§ **Records for processing**:

Lemma mCDE_chain_sum : mCDE T <-> forall k, chain_sum ddeg_dev k = 0.
Proof.
have dev_sum k : chain_sum ddeg_dev k =
    chain_sum (fun x => (ddeg x)%:R) k - ddeg_mean * ((k.+1)%:R * (nchains T k)%:R).
  by rewrite chain_sumB -natrM mulr_natr.
split=> [cde k | dev0 k le_k_h].
  have [no_chain|has_chain] := posnP (nchains T k); first exact: chain_sum_nchains0.
  rewrite dev_sum; have := cde k (nchains_gt0_le_height has_chain).
  rewrite expect_chain_dist -/ddeg_mean => <-.
  by rewrite divfK ?subrr // mulf_neq0 // pnatr_eq0 -lt0n.
have := dev0 k; rewrite dev_sum expect_chain_dist -/ddeg_mean => /eqP; rewrite subr_eq0 => /eqP ->.
have [no_chain|has_chain] := posnP (nchains T k); last first.
  by rewrite mulfK // mulf_neq0 // pnatr_eq0 -lt0n.
rewrite no_chain mulr0n !mulr0 mul0r; apply/esym.
have [T0|T_gt0] := posnP #|T|; last by have := nchains_gt0 T_gt0 le_k_h; rewrite no_chain.
by rewrite /ddeg_mean /expect big1 // => x _; rewrite /uni T0 invr0 mulr0.
Qed.

End Chains.

Lemma covers_irr {dT : Order.disp_t} (T : finPOrderType dT) (x : T) : covers x x = false.
Proof. by rewrite /covers ltxx. Qed.

Lemma covers_convex_embedding {dT dU : Order.disp_t}
    (T : finPOrderType dT) (U : finPOrderType dU) (f : T -> U) :
  (forall a b, (f a <= f b)%O = (a <= b)%O) ->
  (forall a b z, (f b < z)%O -> (z < f a)%O -> exists c, z = f c) ->
  forall a b, covers (f a) (f b) = covers a b.
Proof.
move=> le_f convex_f a b.
have lt_f x y : (f x < f y)%O = (x < y)%O by rewrite !lt_neqAle !eq_le !le_f.
rewrite /covers lt_f; congr (_ && _); apply/forallP/forallP => between z.
  by have := between (f z); rewrite !lt_f.
apply/negP => /andP[bz za]; have [c def_z] := convex_f a b z bz za.
by have := between c; rewrite -!lt_f -def_z bz za.
Qed.

Lemma sumrMnlr (V : nmodType) (I J : finType) (P : pred I) (Q : pred J)
    (F : I -> V) (G : J -> nat) :
  (\sum_(i | P i) F i) *+ (\sum_(j | Q j) G j) = \sum_(i | P i) \sum_(j | Q j) F i *+ G j.
Proof. by rewrite -sumrMnl; apply: eq_bigr => i _; rewrite sumrMnr. Qed.
(* Let $a\ge0$ and, for $m\ge0$, set $\Omega(a,m)=\{b\ge0:\ \sup_{t\in\mathbb{R}}|\cos(ta)-\cos(tb)|\le m\}$. (i) If $m<2$, then $\Omega(a,m)$ is finite, and every $b\in\Omega(a,m)$ has the form $b=\frac{pa}{q}$ where $p,q$ are odd positive integers with $\gcd(p,q)=1$, $1\le p\le\frac{\pi}{\arccos(m-1)}$ and $1\le q\le\frac{\pi}{\arccos(m-1)}$. (ii) If $m<\frac{8}{3\sqrt3}$, then $\Omega(a,m)=\{a\}$. *)

From Stdlib Require Export Reals Lra Lia List Arith.
Open Scope R_scope.

Definition Omega (a m : R) (b : R) : Prop :=
  0 <= b /\ forall t : R, Rabs (cos (t * a) - cos (t * b)) <= m.

(** If b/a is irrational, the values of t b (mod 2π) at the times t with t a ∈ 2πℤ are
    dense, so cos (t a) = 1 while cos (t b) comes arbitrarily close to -1 and the gap
    reaches 2. Hence b = p a / q with p, q coprime, and after rescaling time the
    condition reads |cos (q x) - cos (p x)| <= m for all x. At x = π this forces p and q
    to be odd. Choosing x = u π / p with u q ≡ 1 (mod 2p) and u odd gives cos (p x) = -1
    and cos (q x) = cos (π / p), so m >= 1 + cos (π / p), i.e. p <= π / arccos (m - 1);
    symmetrically for q. When m < 8/(3√3) < 1 + cos (π/4) only p, q ∈ {1, 3} survive,
    and {p, q} = {1, 3} is excluded because cos x - cos 3x = 8/(3√3) at
    x = arccos (1/√3). *)
From Stdlib Require Import ZArith ClassicalEpsilon.
Open Scope R_scope.

Lemma cos_period_Z (x : R) (k : Z) : cos (x + 2 * IZR k * PI) = cos x.
Proof.
  destruct (Z_le_gt_dec 0 k) as [Hk | Hk].
  - rewrite <- (Z2Nat.id k Hk), <- INR_IZR_INZ. apply cos_period.
  - replace k with (- Z.of_nat (Z.to_nat (- k)))%Z by lia.
    rewrite opp_IZR, <- INR_IZR_INZ.
    rewrite <- (cos_period (x + 2 * - INR (Z.to_nat (- k)) * PI) (Z.to_nat (- k))).
    f_equal; ring.
Qed.

Lemma cos_even_mult_PI (n : nat) : Nat.Even n -> cos (INR n * PI) = 1.
Proof.
  intros [k ->].
  replace (INR (2 * k) * PI) with (0 + 2 * INR k * PI) by (rewrite mult_INR; simpl; ring).
  now rewrite cos_period, cos_0.
Qed.

Lemma cos_odd_mult_PI (n : nat) : Nat.Odd n -> cos (INR n * PI) = -1.
Proof.
  intros [k ->].
  replace (INR (2 * k + 1) * PI) with (PI + 2 * INR k * PI)
    by (rewrite plus_INR, mult_INR; simpl; ring).
  now rewrite cos_period, cos_PI.
Qed.

Lemma cos_triple (x : R) : cos (3 * x) = 4 * cos x ^ 3 - 3 * cos x.
Proof.
  replace (3 * x) with (2 * x + x) by ring.
  rewrite cos_plus, cos_2a_cos, sin_2a.
  pose proof (sin2_cos2 x) as Hsc. unfold Rsqr in Hsc.
  replace (2 * sin x * cos x * sin x) with (2 * cos x * (sin x * sin x)) by ring.
  replace (sin x * sin x) with (1 - cos x * cos x) by lra.
  ring.
Qed.

Definition cos_gap_le (m u v : R) : Prop :=
  forall t, Rabs (cos (t * u) - cos (t * v)) <= m.

Lemma cos_gap_le_sym (m u v : R) : cos_gap_le m u v -> cos_gap_le m v u.
Proof. intros Hgap t. rewrite Rabs_minus_sym. apply Hgap. Qed.

Lemma cos_gap_le_scale (m c u v : R) : cos_gap_le m u v -> cos_gap_le m (c * u) (c * v).
Proof. intros Hgap t. rewrite <- !Rmult_assoc. apply Hgap. Qed.

Lemma floor_mult (g y : R) : 0 < g -> exists z : Z, IZR z * g <= y < IZR z * g + g.
Proof.
  intros Hg. destruct (base_Int_part (y / g)) as [Hlo Hhi].
  exists (Int_part (y / g)).
  assert (Hy : y = y / g * g) by (field; lra).
  set (w := y / g) in *. rewrite Hy. split; nra.
Qed.

Lemma nonneg_set_inf (E : R -> Prop) :
  (exists x, E x) -> (forall x, E x -> 0 <= x) ->
  exists g, (forall x, E x -> g <= x) /\ (forall c, g < c -> exists x, E x /\ x < c).
Proof.
  intros [x0 Ex0] Hnonneg.
  destruct (completeness (fun y => E (- y))) as [L [Hub Hleast]].
  - exists 0. intros y Ey. specialize (Hnonneg _ Ey). lra.
  - exists (- x0). now rewrite Ropp_involutive.
  - exists (- L). split.
    + intros x Ex. enough (- x <= L) by lra.
      apply Hub. now rewrite Ropp_involutive.
    + intros c Hc. apply NNPP. intros Hnone.
      enough (L <= - c) by lra.
      apply Hleast. intros y Ey. apply Rnot_lt_le. intros Hy.
      apply Hnone. exists (- y). split; [exact Ey | lra].
Qed.

Section IntegerCombinations.

Variable r : R.

Definition int_comb (x : R) : Prop := exists n k : Z, x = IZR n * r + IZR k.

Lemma int_comb_1 : int_comb 1.
Proof. exists 0%Z, 1%Z. simpl. ring. Qed.

Lemma int_comb_self : int_comb r.
Proof. exists 1%Z, 0%Z. simpl. ring. Qed.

§ **Required action**: Copy, with no alteration, the line that contains "Lemma int_comb_1 : int_comb 1." and each remaining line of the listing above.

§ **Solved problem**:
Lemma int_comb_1 : int_comb 1.
Proof. exists 0%Z, 1%Z. simpl. ring. Qed.

Lemma int_comb_self : int_comb r.
Proof. exists 1%Z, 0%Z. simpl. ring. Qed.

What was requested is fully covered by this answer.